The Court’s own case law, however, establishes that stopping and searching a person in a public place without reasonable suspicion of wrongdoing is a violation of the right to privacy (Article 8 ECHR) and that the powers of stop and search are not “in accordance with the law” (Article 8.2 ECHR) if they are not “sufficiently circumscribed or subject to adequate legal safeguards against abuse” (see Gillan and Quinton v. UK, §§ 83 – 87). Also, the ECRI recommends to “introduce a reasonable suspicion standard, whereby powers relating to control, surveillance or investigation activities can only be exercised on the basis of a suspicion that is founded on objective criteria” (ECRI General Recommendation 11, § 3, see also Observations of Amnesty International, VII).

With regard to national legislation, policies and practices, including at operational level, states should limit the discretion for law enforcement officials in order to prevent the legislation from being a gateway for racism and other forms of structural discrimination. Therefore, as the CERD Committee outlines in its General Recommendation 36, in addition to establishing a prohibition on racial profiling, law enforcement agencies should be urged to establish a solid policy framework and guidance for decision making, including a definition of what constitutes reasonable and objective suspicion and an outline of legitimate criteria that may be considered of whether or not to stop a person (see ICERD General Recommendation 36, § 38).  Otherwise, vague formulations can result in police abuse of power, including when conducting arbitrary identity checks (see Amnesty International’s research on Belgium, France, Spain, United Kingdom).
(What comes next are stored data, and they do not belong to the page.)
(* The number of pairs (maximal chain from A to the full set, member of G on it). *)
Definition chain_count G A : nat :=
  \sum_(A' in G | A \subset A') #|A' :\: A|`! * #|~: A'|`!.

Lemma chain_count_rec G A :
  chain_count G A = (A \in G) * #|~: A|`! + \sum_(b in ~: A) chain_count G (b |: A).
Proof.
rewrite /chain_count (exchange_big_dep (mem G)) /=; last by move=> b A' _ /andP[].
have fact_split d : d`! = (d == 0) + d * d.-1`! by case: d => [|d] //; rewrite factS.
rewrite (eq_bigr (fun A' => (A' == A) * #|~: A'|`! +
                            #|A' :\: A| * #|A' :\: A|.-1`! * #|~: A'|`!)); last first.
  move=> A' /andP[_ sAA']; rewrite fact_split mulnDl; congr (_ * _ + _).
  by rewrite cards_eq0 setD_eq0 eqEsubset sAA' andbT.
rewrite big_split /=; congr (_ + _).
  rewrite big_mkcond (bigD1 A) //= subxx andbT eqxx mul1n big1 ?addn0.
    by case: (A \in G); rewrite ?mul1n ?mul0n.
  by move=> A' nA'A; rewrite (negbTE nA'A) mul0n if_same.
rewrite big_mkcondr /=; apply: eq_bigr => A' A'G; rewrite A'G /=.
have [sAA'|nsAA'] := boolP (A \subset A'); last first.
  by rewrite big_pred0 // => b; rewrite subUset (negbTE nsAA') !andbF.
rewrite (eq_bigl (mem (A' :\: A))) => [|b]; last first.
  by rewrite !inE subUset sub1set sAA' andbT andbC.
rewrite -mulnA -sum_nat_const; apply: eq_bigr => b bA'A.
by rewrite setUC -setDDl [#|A' :\: A|](cardsD1 b) bA'A add1n.
Qed.

Lemma chain_count_le G A : upper_sperner G -> chain_count G A <= 2 * #|~: A|`!.
Proof.
move=> sG; move hk: #|~: A| => k; elim: k A hk => [|k IH] A hk.
  move: (hk); rewrite chain_count_rec => /eqP; rewrite cards_eq0 => /eqP->.
  by rewrite big_set0 addn0 cards0; case: (A \in G).
have IH' b : b \in ~: A -> chain_count G (b |: A) <= 2 * k`!.
  move=> bA; apply: IH; rewrite setCU setIC -setDE.
  by move: hk; rewrite (cardsD1 b) bA add1n => -[].
have sum_le (S : {set 'I_n}) : S \subset ~: A ->
    \sum_(b in S) chain_count G (b |: A) <= #|S| * (2 * k`!).
  move=> sSA; apply: (@leq_trans (\sum_(b in S) 2 * k`!)); last by rewrite sum_nat_const.
  by apply: leq_sum => b /(subsetP sSA)/IH'.
rewrite chain_count_rec hk factS.
have [AG|nAG] := boolP (A \in G); last first.
  by rewrite mul0n add0n mulnCA -hk sum_le.
have [B /and3P[sBA nB /forallP noG]] := sG A AG.
have k_le : k.+1 <= n by rewrite -hk; apply: leq_trans (max_card _) _; rewrite card_ord.
rewrite (big_setID B) /= big1 ?add0n => [|b /setIP[_ bB]]; last first.
  apply: big_pred0 => A'; apply/negbTE/andP => -[A'G].
  rewrite subUset sub1set => /andP[bA' sAA'].
  have /(implyP (noG A')) : (A \subset A') && ~~ [disjoint A' & B].
    by rewrite sAA'; apply/negP => dis; rewrite (disjointFr dis bA') in bB.
  by rewrite A'G.
apply: leq_trans (leq_add (leqnn _) (sum_le _ (subsetDl (~: A) B))) _.
rewrite cardsD (setIidPr sBA) hk.
have : k.+1 <= 2 * #|B| := leq_trans k_le nB.
move: (k`!) => f; nia.
Qed.

Lemma upper_sperner_lym G : upper_sperner G ->
  \sum_(A in G) #|A|`! * #|~: A|`! <= 2 * n`!.
Proof.
move=> sG; have := @chain_count_le G set0 sG.
rewrite /chain_count setC0 cardsT card_ord.
by under eq_bigl do rewrite sub0set andbT; under eq_bigr do rewrite setD0.
Qed.

Definition upper_part F := [set A in F | [exists B, upper_witness F A B]].

Lemma upper_witnessS G F A B :
  G \subset F -> upper_witness F A B -> upper_witness G A B.
Proof.
move=> sGF /and3P[sBA nB /forallP noF]; rewrite /upper_witness sBA nB.
apply/forallP => A'.
by apply/implyP => /(implyP (noF A')); apply: contra; apply: (subsetP sGF).
Qed.

Lemma upper_part_sub F : upper_part F \subset F.
Proof. by apply/subsetP => A; rewrite inE => /andP[]. Qed.

Lemma upper_sperner_upper_part F : upper_sperner (upper_part F).
Proof.
move=> A; rewrite inE => /andP[_ /existsP[B wB]].
by exists B; apply: upper_witnessS (upper_part_sub F) wB.
Qed.

Lemma upper_sperner_compl_lower_part F :
  sperner F -> upper_sperner [set ~: A | A in F :\: upper_part F].
Proof.
move=> spF _ /imsetP[A /setDP[AF nAU] ->].
have [[B [sBA nB noF]]|[B [sBA nB noF]]] := spF A AF.
  case/negP: nAU; rewrite inE AF; apply/existsP; exists B.
  by rewrite /upper_witness sBA nB; apply/forallP => A'; apply/implyP => /andP[]; apply: noF.
exists B; rewrite /upper_witness setCK sBA nB; apply/forallP => X.
apply/implyP => /andP[sAX meetB]; apply/imsetP => -[A' /setDP[A'F _] eX].
rewrite eX setCS in sAX; rewrite eX disjoints_subset setCS in meetB.
by rewrite (negbTE (noF A' sAX meetB)) in A'F.
Qed.

Lemma sperner_lym F : sperner F -> \sum_(A in F) #|A|`! * #|~: A|`! <= 4 * n`!.
Proof.
move=> spF; rewrite (big_setID (upper_part F)) /= (setIidPr (upper_part_sub F)).
have -> : \sum_(A in F :\: upper_part F) #|A|`! * #|~: A|`! =
    \sum_(X in [set ~: A | A in F :\: upper_part F]) #|X|`! * #|~: X|`!.
  rewrite big_imset /=; last exact: in2W (@setC_inj _).
  by apply: eq_bigr => A _; rewrite setCK mulnC.
have -> : 4 * n`! = 2 * n`! + 2 * n`! by rewrite -mulnDl.
apply: leq_add; apply: upper_sperner_lym.
  exact: upper_sperner_upper_part.
exact: upper_sperner_compl_lower_part.
Qed.

End UpperSperner.

Local Open Scope ring_scope.

Section BinomialPmf.
Context {R : realFieldType}.
Implicit Types p : R.

Definition binom_pmf p (n k : nat) : R := 'C(n, k)%:R * p ^+ k * (1 - p) ^+ (n - k).

Lemma binom_pmf_ge0 p n k : 0 <= p <= 1 -> 0 <= binom_pmf p n k.
Proof.
case/andP=> p0 p1; rewrite /binom_pmf.
by rewrite !mulr_ge0 ?exprn_ge0 // subr_ge0.
Qed.

Lemma binom_pmf_small p n k : (n < k)%N -> binom_pmf p n k = 0.
Proof. by move=> nk; rewrite /binom_pmf bin_small // !mul0r. Qed.

Lemma sum_binom_pmf p n : \sum_(k < n.+1) binom_pmf p n k = 1.
Proof.
rewrite -[RHS](expr1n _ n) -[1 in RHS](subrK p) exprDn.
by apply: eq_bigr => k _; rewrite /binom_pmf -mulr_natl; ring.
Qed.

Lemma binom_pmfC p n k : (k <= n)%N -> binom_pmf p n k = binom_pmf (1 - p) n (n - k).
Proof.
move=> kn; rewrite /binom_pmf bin_sub // subKn //.
have -> : 1 - (1 - p) = p by ring.
by rewrite mulrAC.
Qed.

Lemma binom_pmf_mul_fact p n k : (k <= n)%N ->
  binom_pmf p n k * (k`! * (n - k)`!)%:R = p ^+ k * (1 - p) ^+ (n - k) * n`!%:R.
Proof. by move=> kn; rewrite /binom_pmf -(bin_fact kn) !natrM; ring. Qed.

Lemma binom_pmfS p n k :
  binom_pmf p n k.+1 * k.+1%:R * (1 - p) = binom_pmf p n k * (n - k)%:R * p.
Proof.
rewrite /binom_pmf; case: (ltnP k n) => [kn|nk]; last first.
  by rewrite bin_small ?ltnS // (eqP nk) !mul0r mulr0 mul0r.
have -> : (n - k = (n - k.+1).+1)%N by rewrite subnSK.
have binS : ('C(n, k.+1) * k.+1 = 'C(n, k) * (n - k.+1).+1)%N.
  by rewrite mulnC -mul_bin_diag mul_bin_down subnSK // mulnC.
have binSR : 'C(n, k.+1)%:R * k.+1%:R = 'C(n, k)%:R * (n - k.+1).+1%:R :> R.
  by rewrite -!natrM binS.
rewrite !exprS; transitivity
  ('C(n, k.+1)%:R * k.+1%:R * p ^+ k * (1 - p) ^+ (n - k.+1) * p * (1 - p)); first ring.
by rewrite binSR; ring.
Qed.

Lemma binom_pmf_window_le1 p n m K : 0 <= p <= 1 ->
  \sum_(j < K) binom_pmf p n (m + j) <= 1.
Proof.
move=> p01; have b0 k : 0 <= binom_pmf p n k by exact: binom_pmf_ge0.
have -> : \sum_(j < K) binom_pmf p n (m + j) = \sum_(m <= i < m + K) binom_pmf p n i.
  by rewrite -[in RHS](add0n m) big_addn addKn big_mkord; apply: eq_bigr => j _; rewrite addnC.
apply: (@le_trans _ _ (\sum_(0 <= i < m + K + n.+1) binom_pmf p n i)).
  rewrite [leRHS](@big_cat_nat _ _ _ (m + K)) ?leq_addr //=.
  rewrite [in leRHS](@big_cat_nat _ _ _ m) ?leq_addr //= addrAC lerDr.
  by rewrite addr_ge0 ?sumr_ge0.
rewrite (@big_cat_nat _ _ _ n.+1) ?leq_addl //= big_mkord sum_binom_pmf.
by rewrite big_nat_cond big1 ?addr0 // => i /andP[/andP[ni _] _]; rewrite binom_pmf_small.
Qed.

End BinomialPmf.

Section BinomialPmfBound.
Variables (R : realFieldType) (p : R) (n : nat).
Hypotheses (p_gt0 : 0 < p) (p_lt1 : p < 1).
Let t : R := n%:R * (p * (1 - p)).
Let b := binom_pmf p n.

Let p_01 : 0 <= p <= 1.
Proof. by rewrite !ltW. Qed.

Let b_ge0 k : 0 <= b k.
Proof. exact: binom_pmf_ge0. Qed.

Let t_ge0 : 0 <= t.
Proof. by rewrite /t mulr_ge0 // mulr_ge0 ?subr_ge0 ?ltW. Qed.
In addition, in order to comprehensively fulfil their non-discrimination obligations, states need to take into account intersecting forms of discrimination (see Report by the Special Rapporteur, § 50). The concept of intersectionality, in short, explains that social identities such as gender, class, race, age, disability and sexual orientation can overlap, and thus also discriminatory practices which consequently can reinforce each other, entrenching power imbalances in society (K Crenshaw, Demarginalizing the Intersection of Race and Sex). The heightened risk of abuse with regard to intersecting forms of discrimination also needs to be considered in the context of law enforcement (see, for example, Amnesty International Covid-19 crackdowns, p. 22 f.).
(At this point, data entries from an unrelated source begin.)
(* Let $\Bbbk$ be a field of characteristic $\neq2$ and $L$ a Lie tri-algebra over $\Bbbk$. Let $L_0=\mathrm{span}\{[a\vdash b]-[a\dashv b],\ [a\vdash b]-[a\perp b]\mid a,b\in L\}$, and let $X=X_0\cup X_1$ (disjoint union) be a linearly ordered basis of $L$ such that $X_0$ is a basis of $L_0$. For $x,y\in X$ let $\mu_\dashv(x,y)$ and $\mu_\perp(x,y)$ denote $[x\dashv y]$ and $[x\perp y]$ written as linear combinations of $X$, and for $\mu=\sum_i\alpha_i z_i$ ($z_i\in X$) put $\dot\mu=\sum_i\alpha_i\dot z_i$. In the free associative algebra $\mathrm{As}\langle X\cup\dot X\rangle$, where $\dot X=\{\dot x\mid x\in X\}$ is a disjoint copy of $X$, order $X\cup\dot X$ by extending the order of $X$ via: $x>y\Rightarrow\dot x>\dot y$, and $\dot x>y$ for all $x,y\in X$; order words by deg-lex order. Then the set of polynomials $$x\ (x\in X_0);\qquad xy-yx-\mu_\dashv(x,y)\ (x,y\in X_1,\ x>y);$$ $$\dot xy-y\dot x-\dot\mu_\dashv(x,y)\ (x\in X,\ y\in X_1);\qquad \dot x\dot y-\dot y\dot x-\dot\mu_\perp(x,y)\ (x,y\in X,\ x>y)$$ is a Gröbner–Shirshov basis in $\mathrm{As}\langle X\cup\dot X\rangle$.
   Context: A Lie tri-algebra is a vector space with bilinear operations $[\cdot\vdash\cdot]$, $[\cdot\dashv\cdot]$, $[\cdot\perp\cdot]$ such that $[a\dashv b]=-[b\vdash a]$, $[a\perp b]=-[b\perp a]$, $[[x_1\vdash x_2]\vdash x_3]-[x_1\vdash[x_2\vdash x_3]]+[x_2\vdash[x_1\vdash x_3]]=0$, $[[x_1\perp x_2]\vdash x_3]=[[x_1\vdash x_2]\vdash x_3]$, $[[x_1\vdash x_2]\perp x_3]-[x_1\vdash[x_2\perp x_3]]-[[x_1\vdash x_3]\perp x_2]=0$, and $[[x_1\perp x_2]\perp x_3]+[[x_2\perp x_3]\perp x_1]+[[x_3\perp x_1]\perp x_2]=0$. Gröbner–Shirshov basis (associative case): deg-lex order compares words first by length, then lexicographically. For a nonzero polynomial $f$, $\bar f$ is its largest word; $f$ is monic if $\bar f$ has coefficient 1 (all listed polynomials are monic with leading words $x$, $xy$, $\dot xy$, $\dot x\dot y$ respectively). For monic $f,g$: if $\bar f=u\bar g u'$ the composition of inclusion is $(f,g)_w=f-ugu'$ with $w=\bar f$; if $\bar f=uu'$, $\bar g=u'u''$ with $u'$ nonempty and $u,u''$ nonempty, the composition of intersection is $(f,g)_w=fu''-ug$ with $w=uu'u''$. A set $S$ of monic polynomials is a Gröbner–Shirshov basis if every composition $(f,g)_w$ of elements $f,g\in S$ can be written as $\sum_i\alpha_i u_is_iu_i'$ with $s_i\in S$, $\alpha_i\in\Bbbk$, words $u_i,u_i'$, and $u_i\bar s_iu_i'<w$. *)

From mathcomp Require Import all_boot all_order all_algebra.
Set Implicit Arguments. Unset Strict Implicit. Unset Printing Implicit Defensive.
Import Order.TTheory GRing.Theory.
Local Open Scope ring_scope.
As ICERD notes, racial profiling not only has negative and cumulative effects on the attitudes and well-being of individuals and communities, but also may be ineffective and counterproductive as a general law enforcement tool. People who perceive that they have been subjected to discriminatory law enforcement actions tend to have less trust in law enforcement which, as a consequence, may result in the reduced reporting of crimes (ICERD General Recommendation 36, § 26, see also Report of the Secretary-General, Implementation of the International Decade for People of African Descent, § 23). The state’s duty to protect all people thus becomes unfulfillable.

Conclusion

The Court rightly endeavours that the protection against racism shall not “become theoretical and illusory” (Basu, § 35). One crucial aspect to achieving this aim would be to develop its jurisprudence further, taking into account the international definition of racial discrimination. As ECRI’s Recommendation 11 shows, when doing so, the perspective of people affected by discrimination is essential (ECRI General Recommendation 11, § 14). This has to translate into actually shifting the burden of proof if there is an “arguable claim” of racial profiling and acknowledging that racial profiling is systemic, introducing a reasonable suspicion standard for all control, surveillance and investigation activities in law and practise, and scrutinising institutional policing practices. These requirements need to be considered and put into practice by the member states, in order to ensure that racial profiling can be addressed and people subjected to racial discrimination can be better protected.


I thank my Amnesty International colleagues Kathi Kirchberger, Rym Khadhraoui, Esther Major, Daniel Canales Anzola and Benedict Braunschneider for their helpful contributions.